(* Let $\mathbb{A}$, its multiplication, the decomposition $A_3=C\oplus L$ and the complex $\mathbb{B}=\mathbb{B}(\mathbb{A},C)$ be as in the context, and suppose moreover that $\mathbb{A}$ is split exact (i.e. exact including at $A_0$, so $I=R$). Then $\mathbb{B}$ is split exact.
   Context: Let $R$ be a commutative Noetherian ring and let $p\ge 1$, $q\ge 3$ be integers. Let $\mathbb{A}\colon 0\to A_3\xrightarrow{d_3}A_2\xrightarrow{d_2}A_1\xrightarrow{d_1}A_0=R$ be a complex of finitely generated free $R$-modules with $\operatorname{rank}A_1=p+2$, $\operatorname{rank}A_2=p+q$, $\operatorname{rank}A_3=q-1$. Fix a differential graded algebra structure on $\mathbb{A}$: $R$-bilinear products $A_1\times A_1\to A_2$ (alternating: $e\cdot e=0$, $e\cdot e'=-e'\cdot e$) and $A_1\times A_2\to A_3$ satisfying the Leibniz rules $d_2(e\cdot e')=d_1(e)e'-d_1(e')e$ and $d_3(e\cdot f)=d_1(e)f+d_2(f)\cdot e$ for $e,e'\in A_1$, $f\in A_2$. Fix a decomposition $A_3=C\oplus L$ with $C$ free of rank $q-2$ and $L$ free of rank $1$; let $\eta\colon A_3\to L$ be the projection and $\iota\colon C\to A_3$ the inclusion. Define the sequence $\mathbb{B}=\mathbb{B}(\mathbb{A},C)\colon 0\to C\xrightarrow{\delta_4}A_2\xrightarrow{\delta_3}\operatorname{Hom}(A_1,L)\oplus A_1\xrightarrow{\delta_2}\operatorname{Hom}(A_2,L)\xrightarrow{\delta_1}\operatorname{Hom}(C,L)$ by $\delta_4=d_3\circ\iota$; $\delta_3(f)=\big(e\mapsto \eta(e\cdot f),\ d_2(f)\big)$; $\delta_2(\varphi,e)=\big(f\mapsto \varphi(d_2f)+\eta(e\cdot f)\big)$; $\delta_1(\psi)=\psi\circ d_3\circ\iota$. *)

From HB Require Import structures.
From mathcomp Require Import all_boot all_order all_algebra.
Set Implicit Arguments. Unset Strict Implicit. Unset Printing Implicit Defensive.
Import GRing.Theory.
Local Open Scope ring_scope.

Definition noetherian (R : comPzRingType) : Prop :=
  forall I : R -> Prop,
    I 0 -> (forall x y, I x -> I y -> I (x + y)) -> (forall r x, I x -> I (r * x)) ->
    exists n (g : 'I_n -> R), (forall i, I (g i)) /\
      (forall x, I x -> exists c : 'I_n -> R, x = \sum_(i < n) c i * g i).

Definition islin (R : pzRingType) (U V : lmodType R) (f : U -> V) : Prop :=
  forall (a : R) (x y : U), f (a *: x + y) = a *: f x + f y.

Definition isbilin (R : pzRingType) (U V W : lmodType R) (m : U -> V -> W) : Prop :=
  (forall y, islin (fun x => m x y)) /\ (forall x, islin (m x)).

(* Free modules of rank n are modeled as row vectors 'rV[R]_n; an R-linear
   map A_n -> A_m is a matrix M : 'M_(n,m) acting by x |-> x *m M.
   L is free of rank one, modeled as 'rV[R]_1 (= R); Hom(A_n, L) is modeled
   as 'M[R]_(n,1), a homomorphism phi acting by x |-> x *m phi. *)
Definition app (R : pzRingType) n (phi : 'M[R]_(n, 1)) (x : 'rV[R]_n) : 'rV[R]_1 :=
  x *m phi.
(* Dualizing exchanges the two conditions of properness: the interior of the
   dual at [1] comes from sharpness at [1^*], and conversely. *)
Lemma has_interior_sysdual X (G : system X) : proper G ->
  has_interior (cone_at1 R C S X (sdual G)).
Proof.
move=> [HG _ Gsharp].
have [z [e e0 He]] := has_interior_dualc (cone_at1s_ccone HG) Gsharp.
exists z, e => // x /He Hx g Hg.
rewrite (e1_span_slices g) idtens_etens pair_etens [pair u1 _]pairC -/(sc1 e1) sc1_e1 mulr1.
by apply: Hx; rewrite /cone_at1s -e1_span_slices.
Qed.

Lemma sharp_sysdual X (G : system X) : proper G -> sharp (cone_at1s R C S X (sdual G)).
Proof.
move=> [HG Gint _] x Hx Hnx; apply: (interior_orthogonal_eq0 Gint) => y Hy.
have pos x' : sdual G (dO tunit) (etens x' e1) -> 0 <= pair x' y.
  move=> /(_ _ (HG.2 _ _ (bidual tunit) _ Hy)).
  by rewrite !idtens_etens pair_etens [pair e1 _]pairC bidual_spec -/(sc1 e1) sc1_e1 mulr1.
by have := pos _ Hx; have := pos _ Hnx; rewrite pairC pair_vopp pairC; lra.
Qed.

Lemma proper_sysdual X (G : system X) : proper G -> proper (sdual G).
Proof.
move=> HG; have [HGs _ _] := HG; split.
- exact: sysdual_system.
- exact: has_interior_sysdual.
- exact: sharp_sysdual.
Qed.

End Systems.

Task brief
Each record above has to be set down again, word for word.

Written reply
(* Let $\mathbb{A}$, its multiplication, the decomposition $A_3=C\oplus L$ and the complex $\mathbb{B}=\mathbb{B}(\mathbb{A},C)$ be as in the context, and suppose moreover that $\mathbb{A}$ is split exact (i.e. exact including at $A_0$, so $I=R$). Then $\mathbb{B}$ is split exact.
   Context: Let $R$ be a commutative Noetherian ring and let $p\ge 1$, $q\ge 3$ be integers. Let $\mathbb{A}\colon 0\to A_3\xrightarrow{d_3}A_2\xrightarrow{d_2}A_1\xrightarrow{d_1}A_0=R$ be a complex of finitely generated free $R$-modules with $\operatorname{rank}A_1=p+2$, $\operatorname{rank}A_2=p+q$, $\operatorname{rank}A_3=q-1$. Fix a differential graded algebra structure on $\mathbb{A}$: $R$-bilinear products $A_1\times A_1\to A_2$ (alternating: $e\cdot e=0$, $e\cdot e'=-e'\cdot e$) and $A_1\times A_2\to A_3$ satisfying the Leibniz rules $d_2(e\cdot e')=d_1(e)e'-d_1(e')e$ and $d_3(e\cdot f)=d_1(e)f+d_2(f)\cdot e$ for $e,e'\in A_1$, $f\in A_2$. Fix a decomposition $A_3=C\oplus L$ with $C$ free of rank $q-2$ and $L$ free of rank $1$; let $\eta\colon A_3\to L$ be the projection and $\iota\colon C\to A_3$ the inclusion. Define the sequence $\mathbb{B}=\mathbb{B}(\mathbb{A},C)\colon 0\to C\xrightarrow{\delta_4}A_2\xrightarrow{\delta_3}\operatorname{Hom}(A_1,L)\oplus A_1\xrightarrow{\delta_2}\operatorname{Hom}(A_2,L)\xrightarrow{\delta_1}\operatorname{Hom}(C,L)$ by $\delta_4=d_3\circ\iota$; $\delta_3(f)=\big(e\mapsto \eta(e\cdot f),\ d_2(f)\big)$; $\delta_2(\varphi,e)=\big(f\mapsto \varphi(d_2f)+\eta(e\cdot f)\big)$; $\delta_1(\psi)=\psi\circ d_3\circ\iota$. *)

From HB Require Import structures.
From mathcomp Require Import all_boot all_order all_algebra.
Set Implicit Arguments. Unset Strict Implicit. Unset Printing Implicit Defensive.
Import GRing.Theory.
Local Open Scope ring_scope.

Definition noetherian (R : comPzRingType) : Prop :=
  forall I : R -> Prop,
    I 0 -> (forall x y, I x -> I y -> I (x + y)) -> (forall r x, I x -> I (r * x)) ->
    exists n (g : 'I_n -> R), (forall i, I (g i)) /\
      (forall x, I x -> exists c : 'I_n -> R, x = \sum_(i < n) c i * g i).

Definition islin (R : pzRingType) (U V : lmodType R) (f : U -> V) : Prop :=
  forall (a : R) (x y : U), f (a *: x + y) = a *: f x + f y.

Definition isbilin (R : pzRingType) (U V W : lmodType R) (m : U -> V -> W) : Prop :=
  (forall y, islin (fun x => m x y)) /\ (forall x, islin (m x)).

(* Free modules of rank n are modeled as row vectors 'rV[R]_n; an R-linear
   map A_n -> A_m is a matrix M : 'M_(n,m) acting by x |-> x *m M.
   L is free of rank one, modeled as 'rV[R]_1 (= R); Hom(A_n, L) is modeled
   as 'M[R]_(n,1), a homomorphism phi acting by x |-> x *m phi. *)
Definition app (R : pzRingType) n (phi : 'M[R]_(n, 1)) (x : 'rV[R]_n) : 'rV[R]_1 :=
  x *m phi.
(* Dualizing exchanges the two conditions of properness: the interior of the
   dual at [1] comes from sharpness at [1^*], and conversely. *)
Lemma has_interior_sysdual X (G : system X) : proper G ->
  has_interior (cone_at1 R C S X (sdual G)).
Proof.
move=> [HG _ Gsharp].
have [z [e e0 He]] := has_interior_dualc (cone_at1s_ccone HG) Gsharp.
exists z, e => // x /He Hx g Hg.
rewrite (e1_span_slices g) idtens_etens pair_etens [pair u1 _]pairC -/(sc1 e1) sc1_e1 mulr1.
by apply: Hx; rewrite /cone_at1s -e1_span_slices.
Qed.

Lemma sharp_sysdual X (G : system X) : proper G -> sharp (cone_at1s R C S X (sdual G)).
Proof.
move=> [HG Gint _] x Hx Hnx; apply: (interior_orthogonal_eq0 Gint) => y Hy.
have pos x' : sdual G (dO tunit) (etens x' e1) -> 0 <= pair x' y.
  move=> /(_ _ (HG.2 _ _ (bidual tunit) _ Hy)).
  by rewrite !idtens_etens pair_etens [pair e1 _]pairC bidual_spec -/(sc1 e1) sc1_e1 mulr1.
by have := pos _ Hx; have := pos _ Hnx; rewrite pairC pair_vopp pairC; lra.
Qed.

Lemma proper_sysdual X (G : system X) : proper G -> proper (sdual G).
Proof.
move=> HG; have [HGs _ _] := HG; split.
- exact: sysdual_system.
- exact: has_interior_sysdual.
- exact: sharp_sysdual.
Qed.

End Systems.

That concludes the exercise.